Primary LanguageRMIT LicenseMIT

Assignment 4

Patrick D. Schloss
October 24, 2014

Complete the exercise listed below and submit it as a pull request to the Assignment 4 repository. Your pull request should only include a single file that is your unique name followed by a .R. For example, I would submit a pull request to add pschloss.R to the repository. You will submit your own assignment and give credit to anyone that worked with you on the assignment and to any websites that you used along your way. You should not use any packages beyond the base R system. This assignment is due on Friday, October 31st.

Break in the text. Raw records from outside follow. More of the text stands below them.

Lemma fv_fren pi (p : form L) k : fv (fren pi p) k -> exists k', fv p k' /\ k = pi k'.
Proof.
  revert k; induction p as [t1 t2 | r ts | | p1 IH1 p2 IH2 | x p IH]; simpl; intros k H.
  - destruct H as [H | H]; apply tfv_tren in H; destruct H as [k' [? ?]]; eauto.
  - destruct H as [i Hi]. apply tfv_tren in Hi. destruct Hi as [k' [? ?]]; eauto.
  - contradiction.
  - destruct H as [H | H]; [apply IH1 in H | apply IH2 in H];
      destruct H as [k' [? ?]]; eauto.
  - destruct H as [H Hx]. apply IH in H. destruct H as [k' [? ->]].
    exists k'. repeat split; auto.
Qed.

Lemma sat_shift_unary (M : Structure L) (q : form L) (s : nat -> dom M) i :
  (forall k, fv q k -> k = 0) ->
  sat M s (fren (fun k => k + i) q) <-> sat M (fun _ => s i) q.
Proof. intros Hq. rewrite sat_fren by (intros; lia). now rewrite sat_unary. Qed.

Fixpoint fin_max (n : nat) : (Fin.t n -> nat) -> nat :=
  match n with
  | 0 => fun _ => 0
  | S m => fun g => Nat.max (g Fin.F1) (fin_max m (fun i => g (Fin.FS i)))
  end.

Lemma le_fin_max n (g : Fin.t n -> nat) i : g i <= fin_max n g.
Proof.
  induction i as [| n i IH]; simpl; [lia |].
  specialize (IH (fun i => g (Fin.FS i))). simpl in IH. lia.
Qed.

Fixpoint tbound (t : term L) : nat :=
  match t with
  | tvar n => S n
  | tapp f a => fin_max _ (fun i => tbound (a i))
  end.

Fixpoint fbound (p : form L) : nat :=
  match p with
  | fEq t1 t2 => Nat.max (tbound t1) (tbound t2)
  | fRel r a => fin_max _ (fun i => tbound (a i))
  | fBot => 0
  | fImp p1 p2 => Nat.max (fbound p1) (fbound p2)
  | fAll _ p1 => fbound p1
  end.

Lemma tfv_lt_tbound t k : tfv t k -> k < tbound t.
Proof.
  induction t as [n | f a IH]; simpl; intros H; [lia |].
  destruct H as [i Hi]. pose proof (le_fin_max _ (fun i => tbound (a i)) i).
  specialize (IH i Hi). simpl in *. lia.
Qed.

Lemma fv_lt_fbound (p : form L) k : fv p k -> k < fbound p.
Proof.
  induction p as [t1 t2 | r ts | | p1 IH1 p2 IH2 | x p IH]; simpl; intros H.
  - destruct H as [H | H]; apply tfv_lt_tbound in H; lia.
  - destruct H as [i Hi]. apply tfv_lt_tbound in Hi.
    pose proof (le_fin_max _ (fun i => tbound (ts i)) i). simpl in *. lia.
  - contradiction.
  - destruct H as [H | H]; [apply IH1 in H | apply IH2 in H]; lia.
  - destruct H; auto.
Qed.

Definition fTop : form L := fImp fBot fBot.
Definition fAnd (p q : form L) : form L := fNot (fImp p (fNot q)).
Definition fEx (x : nat) (p : form L) : form L := fNot (fAll x (fNot p)).

Fixpoint fAndL (l : list (form L)) : form L :=
  match l with [] => fTop | p :: l' => fAnd p (fAndL l') end.
Fixpoint fOrL (l : list (form L)) : form L :=
  match l with [] => fBot | p :: l' => fImp (fNot p) (fOrL l') end.
Fixpoint fExL (ys : list nat) (p : form L) : form L :=
  match ys with [] => p | y :: ys' => fEx y (fExL ys' p) end.

Definition fAmong (ys : list nat) : form L :=
  fOrL (map (fun y => fEq (tvar 0) (tvar y)) ys).

Lemma sat_fAnd M s p q : sat M s (fAnd p q) <-> sat M s p /\ sat M s q.
Proof. simpl. tauto. Qed.

Lemma sat_fEx M s x p : sat M s (fEx x p) <-> exists d, sat M (upd s x d) p.
Proof.
  simpl. split.
  - intros H. apply NNPP. intros H'. apply H. intros d Hd. apply H'. eauto.
  - intros [d Hd] H. exact (H d Hd).
Qed.

Lemma sat_fAndL M s l : sat M s (fAndL l) <-> forall p, In p l -> sat M s p.
Proof.
  induction l as [| p l IH]; cbn [fAndL].
  - simpl. tauto.
  - rewrite sat_fAnd, IH. simpl. split; [intros [? ?] ? [<- | ?] | intros H; split]; auto.
Qed.

Lemma sat_fOrL M s l : sat M s (fOrL l) <-> exists p, In p l /\ sat M s p.
Proof.
  induction l as [| p l IH]; simpl.
  - split; [tauto | intros [? [[] _]]].
  - rewrite IH. split.
    + intros H. destruct (classic (sat M s p)); [eauto |].
      destruct (H ltac:(auto)) as [p' [? ?]]; eauto.
    + intros [p' [[<- | ?] ?]] ?; [contradiction | eauto].
Qed.

Lemma sat_fAmong M s ys : sat M s (fAmong ys) <-> In (s 0) (map s ys).
Proof.
  unfold fAmong. rewrite sat_fOrL. split.
  - intros [f [Hf Hs]]. apply in_map_iff in Hf. destruct Hf as [y [<- Hy]].
    simpl in Hs. rewrite Hs. now apply in_map.
  - intros Hin. apply in_map_iff in Hin. destruct Hin as [y [Hy Hin]].
    exists (fEq (tvar 0) (tvar y)). split; [apply in_map_iff; eauto | simpl; auto].
Qed.

Lemma fv_fAnd p q k : fv (fAnd p q) k -> fv p k \/ fv q k.
Proof. simpl. tauto. Qed.

Lemma fv_fEx x p k : fv (fEx x p) k -> fv p k /\ k <> x.
Proof. simpl. tauto. Qed.

Lemma fv_fAndL l k : fv (fAndL l) k -> exists p, In p l /\ fv p k.
Proof.
  induction l as [| p l IH]; simpl; [tauto |].
  intros [[H | [H | []]] | []]; eauto. destruct (IH H) as [? [? ?]]; eauto.
Qed.

Lemma fv_fOrL l k : fv (fOrL l) k -> exists p, In p l /\ fv p k.
Proof.
  induction l as [| p l IH]; simpl; [tauto |].
  intros [[H | []] | H]; eauto. destruct (IH H) as [? [? ?]]; eauto.
Qed.

Lemma fv_fAmong ys k : fv (fAmong ys) k -> k = 0 \/ In k ys.
Proof.
  intros H. apply fv_fOrL in H. destruct H as [f [Hf Hk]].
  apply in_map_iff in Hf. destruct Hf as [y [<- Hy]]. simpl in Hk.
  destruct Hk as [-> | ->]; auto.
Qed.

Lemma fv_fExL ys p k : fv (fExL ys p) k -> fv p k /\ ~ In k ys.
Proof.
  induction ys as [| y ys IH]; simpl; [tauto |].
  intros [[[H | []] ?] | []]. apply IH in H. intuition.
Qed.

Fixpoint updl {D : Type} (s : nat -> D) (ys : list nat) (ds : list D) : nat -> D :=
  match ys, ds with
  | y :: ys', d :: ds' => updl (upd s y d) ys' ds'
  | _, _ => s
  end.

Lemma updl_notin {D : Type} ys (s : nat -> D) ds k : ~ In k ys -> updl s ys ds k = s k.
Proof.
  revert s ds; induction ys as [| y ys IH]; intros s ds H; destruct ds; simpl; auto.
  simpl in H. rewrite IH, upd_other; auto.
Qed.

Lemma map_updl {D : Type} ys (s : nat -> D) ds :
  NoDup ys -> length ys = length ds -> map (updl s ys ds) ys = ds.
Proof.
  revert s ds; induction ys as [| y ys IH]; intros s [| d ds] Hn Hl;
    simpl in *; try discriminate; auto.
  inversion Hn; subst. rewrite updl_notin, upd_same by auto. f_equal. auto.
Qed.

Lemma sat_fExL_intro M ys s ds p :
  sat M (updl s ys ds) p -> length ys = length ds -> sat M s (fExL ys p).
Proof.
  revert s ds; induction ys as [| y ys IH]; intros s [| d ds] H Hl;
    simpl in *; try discriminate; auto.
  apply sat_fEx. exists d. eapply IH; eauto.
Qed.

Lemma sat_fExL_elim M ys s p :
  sat M s (fExL ys p) -> exists s', (forall k, ~ In k ys -> s' k = s k) /\ sat M s' p.
Proof.
  revert s; induction ys as [| y ys IH]; intros s H; simpl in *.
  - exists s; auto.
  - apply sat_fEx in H. destruct H as [d Hd]. apply IH in Hd.
    destruct Hd as [s' [Hs' Hp]]. exists s'. split; auto.
    intros k Hk. rewrite Hs' by tauto. apply upd_other. intros ->. tauto.
Qed.

End Syntax.

Lemma asg_ge {D : Type} n (v : Fin.t n -> D) e k : n <= k -> asg n v e k = e k.
Proof. intros H. unfold asg. destruct (lt_dec k n); auto. lia. Qed.

Lemma asg_lt {D : Type} n (v : Fin.t n -> D) e k (h : k < n) :
  asg n v e k = v (Fin.of_nat_lt h).
Proof.
  unfold asg. destruct (lt_dec k n) as [h' | h']; [| lia].
  now rewrite (Fin.of_nat_ext h' h).
Qed.

Lemma asg_to_nat {D : Type} n (v : Fin.t n -> D) e i :
  asg n v e (proj1_sig (Fin.to_nat i)) = v i.
Proof.
  rewrite (asg_lt n v e _ (proj2_sig (Fin.to_nat i))). now rewrite Fin.of_nat_to_nat_inv.
Qed.

Lemma asg_map {D D' : Type} (j : D -> D') n (v : Fin.t n -> D) e :
  (fun k => j (asg n v e k)) = asg n (fun i => j (v i)) (fun k => j (e k)).
Proof. extensionality k. unfold asg. now destruct (lt_dec k n). Qed.

Lemma asg1_0 {D : Type} (v : Fin.t 1 -> D) e : asg 1 v e 0 = v Fin.F1.
Proof. exact (asg_to_nat 1 v e Fin.F1). Qed.

Lemma vec1_ext {D : Type} (v w : Fin.t 1 -> D) : v Fin.F1 = w Fin.F1 -> v = w.
Proof.
  intros H. extensionality i. pattern i. apply Fin.caseS'; auto. intros p. inversion p.
Qed.

Lemma finite_vectors {D : Type} n (ls : Fin.t n -> list D) :
  exists vs : list (Fin.t n -> D), forall v, (forall i, In (v i) (ls i)) -> In v vs.
Proof.
  induction n as [| n IH].
  - exists [fun i => Fin.case0 (fun _ => D) i]. intros v _. left.
    extensionality i. apply Fin.case0. exact i.
  - destruct (IH (fun i => ls (Fin.FS i))) as [vs Hvs].
    exists (flat_map (fun x => map (fun w => fun i => Fin.caseS' i (fun _ => D) x w) vs)
              (ls Fin.F1)).
    intros v Hv. apply in_flat_map. exists (v Fin.F1). split; auto.
    apply in_map_iff. exists (fun i => v (Fin.FS i)). split.
    + extensionality i. pattern i. now apply Fin.caseS'.
    + apply Hvs. intros i. apply Hv.
Qed.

Problem: Reading the literature is very time consuming and there's never enough time. Develop a set of functions that you can use to help you to determine the priority each should have in your stack of papers. To do this you will identify and count all of the words in the paper. I would like you to develop a new R library (a collection of R functions) that has several basic commands:

Command Input Output Functionality
readPaper file a list given a file name, create a list variable that contains any necessary information
wordCount filelist, word vector of numbers if I supply the output from readPaper and a word (or a vector of words), tell me how many times the word(s) shows up
wordPlacement filelist, word vector of numbers if I supply the output from readPaper and a word, tell me the starting character position of that word indexed from the beginning of the paper
wordHist filelist, nwords=10 histogram output and plot Generate a histogram of how many times the top 10 words are used, but allow me to change the default number of "top words"
nextWord filelist, word vector of counts if I give a word, tell me the frequency of words that follow it
previousWord filelist, word vector of counts if I give a word, tell me the frequency of words that preceed it
surpriseMe filelist, ??? ??? create a function "surpriseMe" that does a task of your choosing

This file should contain all the code necessary to process a single text file. You should know enough to complete this assignment with the material covered in class and from the first four chapaters of the book. One command that you will need for your read command is "scan". I should be able to run these command on another text file without touching the code in your R file. The first line of code should be:


In addition, the R file should contain a commented block of text at the top of each function telling anyone how to run each commands. Also, the code should be well commented so that it is clear what each step does. I will test your code by running the following commands:

paper <- readPaper("mothur.txt")	#I may use a different file
wordCount(paper, "mothur")			#I may use a different word
wordPlacement(paper, "mothur")		#I may use a different word
wordHist(paper, top=20)
nextWord(paper, "mothur")			#I may use a different word
previousWord(paper, "mothur")		#I may use a different word
surpriseMe(paper, ...)

Note: You may find it necessary to create extra functions that perform a task that is needed by multiple commands. This is fine - such utility functions do not need to be "seen" by the users.